BoJack Horseman - Movie Quotes

Memorable Quotes

It gets easier. Every day it gets a little easier. But you gotta do it every day — that’s the hard part. But it does get easier.

— Jogging Baboon

Context:

In the final episode of Season 2, "Out to Sea," a demoralized BoJack attempts to start jogging. He quickly gives up, collapsing on the side of the road, where a random jogging baboon offers him this piece of advice before running off.

Meaning:

This quote encapsulates the show's core philosophy on change and recovery. It acknowledges that healing and self-improvement are not a one-time fix but a continuous, daily commitment.
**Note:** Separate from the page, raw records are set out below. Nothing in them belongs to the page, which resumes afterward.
Lemma slack_pq S T : ~~ odd (\sum_v f v) ->
  [disjoint S & T] -> p \in S -> q \in S ->
  (\sum_(v in T) f v + #|T| * #|S|).+1 < \sum_(v in S) f v + #|T| * #|V|.-1.
Proof.
move=> even_f dST pS qS.
have fpq_S : f p + f q <= \sum_(v in S) f v.
  have qSp : q \in S :\ p by rewrite in_setD1 eq_sym pq.
  by rewrite (sum_setD1 pS) leq_add2l (sum_setD1 qSp) leq_addr.
have fp := fp_gt0.
case: (leqP (f p + #|S|) #|V|.-1) => [small|big].
  by have := factor_condition_small T small; lia.
have qSp : q \in S :\ p by rewrite in_setD1 eq_sym pq.
have pSp : p \notin S :\ p by rewrite in_setD1 eqxx.
have := slack_q (disjointWl (subsetDl S [set p]) dST) qSp pSp (negbT (disjointFr dST pS)).
rewrite (sum_setD1 pS) [in X in _ -> X](cardsD1 p S) pS mulnDr muln1 => slack.
have cardR := cardsC (S :|: T).
rewrite cardsU (disjoint_setI0 dST) cards0 subn0 in cardR.
case: (posnP #|~: (S :|: T)|) => [R0|]; last by lia.
have cover : S :|: T = setT.
  apply/setP => v; move/eqP: R0; rewrite cards_eq0 => /eqP /setP /(_ v).
  by rewrite in_setC in_set0 in_setT => /negbFE ->.
apply: ltn_even_add; first by lia.
move: cardR even_f; rewrite R0 addn0 (sum_cover dST cover).
rewrite (cardsD1 p S) pS add1n (sum_setD1 pS) => <-.
set s := #|S :\ p|; set t := #|T|; rewrite addSn /=.
set A := \sum_(v in T) f v; set B := \sum_(v in S :\ p) f v.
have -> : A + (t + t * s) + (f p + B + t * (s + t))
  = f p + B + A + (t * s).*2 + t * t.+1 by nia.
by rewrite !oddD oddM /= odd_double andbN !addbF.
Qed.

Lemma factor_condition_decr2 : ~~ odd (\sum_v f v) -> factor_condition decr2.
Proof.
move=> even_f S T dST; have := f_cond dST; rewrite !sum_decr2_in.
case pS: (p \in S); case qS: (q \in S); rewrite ?(disjointFr dST pS) ?(disjointFr dST qS).
- by have := slack_pq even_f dST pS qS; rewrite !sum_decr2_in pS qS
    (disjointFr dST pS) (disjointFr dST qS) /=; lia.
- case qT: (q \in T); first by rewrite /=; lia.
  by have := slack_p dST pS (negbT qS) (negbT qT); rewrite !sum_decr2_in pS qS qT
    (disjointFr dST pS) /=; lia.
- case pT: (p \in T); first by rewrite /=; lia.
  by have := slack_q dST qS (negbT pS) (negbT pT); rewrite !sum_decr2_in pS qS pT
    (disjointFr dST qS) /=; lia.
- by case: (p \in T); case: (q \in T) => /=; lia.
Qed.

Hypothesis q_min : forall v, v != p -> 0 < f v -> f q <= f v.

Lemma switch_null H : realizes H decr2 -> H p q ->
    (forall x y, x != p -> ~~ H p x -> y != q -> ~~ H q y -> ~~ H x y) ->
  forall w, w != p -> ~~ H p w -> f w = 0.
Proof.
move=> [irr sym dg] Hpq noswitch w wp nHpw; apply/eqP; rewrite -leqn0 leqNgt.
apply/negP => fw_gt0.
have wq : w != q by apply: contraNneq nHpw => ->.
(* every neighbour of [w] other than [p] is a neighbour of [q], and [p] is a
   neighbour of [q] but not of [w] *)
have nb z : (H w z : nat) + (z == p) <= (z == q) + H q z.
  case: (eqVneq z p) => [->|zp]; first by rewrite sym (negbTE nHpw) sym Hpq (negbTE pq).
  case: (eqVneq z q) => [//|zq]; case Hwz: (H w z) => //=.
  case Hqz: (H q z) => //.
  by have := noswitch w z wp nHpw zq (negbT Hqz); rewrite Hwz.
have : \sum_z ((H w z : nat) + (z == p)) <= \sum_z ((z == q) + H q z).
  by apply: leq_sum => z _; exact: nb.
rewrite !big_split /= !sum_eq1 -!/(deg H _) !dg.
have := q_min wp fw_gt0; rewrite /decr2 (negbTE wp) (negbTE wq) eqxx.
by rewrite eq_sym (negbTE pq) /=; lia.
Qed.

Lemma exists_switch H : realizes H decr2 -> H p q ->
  exists x y, [/\ x != p, ~~ H p x, y != q, ~~ H q y & H x y].
Proof.
move=> HH Hpq.
case: (pickP (fun xy : V * V =>
    [&& xy.1 != p, ~~ H p xy.1, xy.2 != q, ~~ H q xy.2 & H xy.1 xy.2])).
  by case=> x y /and5P [? ? ? ? ?]; exists x, y.
move=> noswitch; exfalso.
have null : forall w, w != p -> ~~ H p w -> f w = 0.
  apply: switch_null HH Hpq _ => x y xp nHpx yq nHqy.
  by have := noswitch (x, y); rewrite /= xp nHpx yq nHqy /= => ->.
(* [V] is covered by [p], its neighbours and the null vertices [Z]; the
   condition for [S = Z], [T = [set p]] says this is impossible. *)
pose Z := [set w | (w != p) && (f w == 0)].
have dZp : [disjoint Z & [set p]] by rewrite disjoint_sym disjoints1 inE eqxx.
have := f_cond dZp; rewrite big_set1 cards1 !mul1n big1; last first.
  by move=> w; rewrite inE => /andP [_ /eqP].
have : #|V| <= \sum_w ((w == p) + (w \in Z) + H p w).
  rewrite -sum1_card; apply: leq_sum => w _; case: (eqVneq w p) => //= wp.
  rewrite inE wp /=; case: (boolP (H p w)) => [|/(null w wp) ->]; by rewrite ?addn1.
case: HH => _ _ dg.
rewrite !big_split /= sum_eq1 sum_nat_card -/(deg H p) dg.
have := fp_gt0; rewrite /decr2 eqxx (negbTE pq) /=; lia.
Qed.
It offers a rare, earned moment of hope in a series often steeped in cynicism.

When you look at someone through rose-colored glasses, all the red flags just look like flags.

— Wanda Pierce

Context:

This line is said by Wanda, BoJack's owl girlfriend who just woke up from a 30-year coma, in Season 2, Episode 10, "Yes And." She says it as she is breaking up with BoJack, having finally recognized the toxic patterns she had previously overlooked.

Meaning:

A poignant observation about the nature of love and denial. This quote speaks to the universal experience of ignoring warning signs in a relationship because of infatuation. It highlights how people's desires can blind them to the reality of who someone is.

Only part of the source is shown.